Kiedy mówimy o konfrontacji, przychodzą nam do głowy najczęściej takie synonimy jak: spór, konflikt, starcie… Nieprzyjemne i sugerujące, że jedna ze stron ostatecznie będzie tą wygraną a druga poniesie porażkę….Kto o zdrowych zmysłach chciałby wchodzić w coś takiego mając na względzie dobro miłości małżeńskiej?
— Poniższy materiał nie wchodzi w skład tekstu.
(* Each code is given by a generator matrix G, found by computer search, over
   an explicit model of GF(4) or GF(8) (pairs, resp. triples, of bits), and is
   transported into any field of that order along the embedding fixed by a root
   of X^2 + X + 1, resp. X^3 + X + 1.  Self-orthogonality is G G^T = 0, and the
   first row of G has weight d.  For the lower bound on the distance, G comes
   with a family of information sets J, each with a right inverse of G whose
   rows outside J vanish: a codeword u G vanishing on J satisfies
   u = u G M = 0.  Since every set of at most d - 1 coordinates misses some J,
   no nonzero codeword has weight below d.  All of this is checked by
   evaluation. *)

From HB Require Import structures.
From mathcomp Require Import all_boot all_order all_algebra all_field ring.
Set Implicit Arguments. Unset Strict Implicit. Unset Printing Implicit Defensive.
Import GRing.Theory.
Local Open Scope ring_scope.

(** * Linear codes given by a generator matrix *)

Section GeneratorMatrix.
Variables (F : fieldType) (k n : nat).
Implicit Types (x y : 'rV[F]_n) (u : 'rV[F]_k) (G : 'M[F]_(k, n)).

Definition weight x := #|[set i | x 0 i != 0]|.

Lemma hamming_distE x y : hamming_dist x y = weight (x - y).
Proof. by apply: eq_card => i; rewrite !inE !mxE subr_eq0. Qed.

Lemma weight_eq0 x : (weight x == 0%N) = (x == 0).
Proof.
rewrite cards_eq0; apply/eqP/eqP => [x0 | ->]; last by apply/setP => i; rewrite !inE mxE eqxx.
by apply/rowP => i; apply/eqP; move/setP/(_ i): x0; rewrite !inE mxE => /negbFE.
Qed.

Lemma count_support x : count id [seq x 0 i != 0 | i <- enum 'I_n] = weight x.
Proof.
rewrite count_map /weight cardsE cardE /enum_mem size_filter count_filter.
by apply: eq_count => i; rewrite /= andbT.
Qed.

Definition encode G : 'Hom('rV[F]_k, 'rV[F]_n) := linfun (mulmxr G).

Lemma encodeE G u : encode G u = u *m G.
Proof. by rewrite lfunE. Qed.

Definition gen_code G : {vspace 'rV[F]_n} := limg (encode G).

Lemma gen_codeP G x : reflect (exists u, x = u *m G) (x \in gen_code G).
Proof.
apply: (iffP memv_imgP) => [[u _ ->] | [u ->]]; exists u; rewrite ?encodeE //.
by rewrite memvf.
Qed.

Lemma dim_gen_code G : (forall u, u *m G = 0 -> u = 0) -> \dim (gen_code G) = k.
Proof.
move=> inj; rewrite limg_dim_eq ?dimvf /dim /= ?mul1n //.
have /eqP -> : lker (encode G) == 0%VS.
  apply/lker0P => u v; rewrite !encodeE => /eqP.
  by rewrite -subr_eq0 -mulmxBl => /eqP/inj/eqP; rewrite subr_eq0 => /eqP.
exact: capv0.
Qed.

Lemma min_distance_gen_code G d x :
  (0 < d)%N -> x \in gen_code G -> weight x = d ->
  (forall u, (weight (u *m G) < d)%N -> u = 0) -> min_distance_is (gen_code G) d.
Proof.
move=> d_gt0 Cx wx low; split.
  exists x, 0; split; rewrite ?mem0v ?hamming_distE ?subr0 //.
  by rewrite -weight_eq0 wx -lt0n.
move=> y z /gen_codeP[u ->] /gen_codeP[v ->] neq_yz.
rewrite hamming_distE -mulmxBl leqNgt; apply: contra neq_yz => /low /eqP.
by rewrite subr_eq0 => /eqP ->.
Qed.

Lemma euclid_ipE x y : euclid_ip x y = (x *m y^T) 0 0.
Proof. by rewrite mxE; apply: eq_bigr => i _; rewrite mxE. Qed.

Lemma self_orthogonal_gen_code G : G *m G^T = 0 -> euclid_self_orthogonal (gen_code G).
Proof.
move=> GGt0 x y /gen_codeP[u ->] /gen_codeP[v ->].
by rewrite euclid_ipE trmx_mul !mulmxA -(mulmxA u) GGt0 mulmx0 mul0mx mxE.
Qed.

Lemma exists_SO_gen_code G d x :
  (0 < d)%N -> x \in gen_code G -> weight x = d -> G *m G^T = 0 ->
  (forall u, (weight (u *m G) < d)%N -> u = 0) -> exists_SO_code F n k d.
Proof.
move=> d_gt0 Cx wx GGt0 low; exists (gen_code G); split; last exact: self_orthogonal_gen_code.
split; last exact: min_distance_gen_code Cx wx low.
apply: dim_gen_code => u uG0; apply: low.
by move/eqP: uG0; rewrite -weight_eq0 => /eqP ->.
Qed.

Lemma rinv_support_eq0 G (M : 'M[F]_(n, k)) u :
  G *m M = 1%:M -> (forall i, (u *m G) 0 i != 0 -> row i M = 0) -> u = 0.
Proof.
move=> GM1 Msupp; rewrite -[u]mulmx1 -GM1 mulmxA mulmx_sum_row big1 // => i _.
by have [-> | /Msupp ->] := eqVneq ((u *m G) 0 i) 0; rewrite ?scale0r ?scaler0.
Qed.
Konfrontacja ma jednak jeszcze jedno swoje oblicze – mniej spektakularne – bo nie ma w niej przegranych. Oznacza „zwrócenie się twarzą do” – to postawa zatrzymania się i pochylenia nad tym co we mnie i nad tym, co w drugim człowieku. To stawanie twarzą w twarz z własnym sercem i z sercem mojego rozmówcy. To powierzanie tajemnicy tego, co przeżywam, a co zwykle skryte jest przed innymi. To objaśnianie siebie drugiemu człowiekowi z miłości do niego i dla dobra miłości wspólnej. To odkrywanie gdzie się kończę a gdzie się zaczyna mój współmałżonek…
To ostatnie spotkanie będzie poświęcone rozróżnianiu „konfrontacji-starcia” od „konfrontacji z miłości„. Będziemy szukać słów i sposobów na to, by trudne rozmowy na ważne dla nas tematy przynosiły wzmocnienie więzi i prowadziły do wzrostu a nie osłabienia miłości małżeńskiej.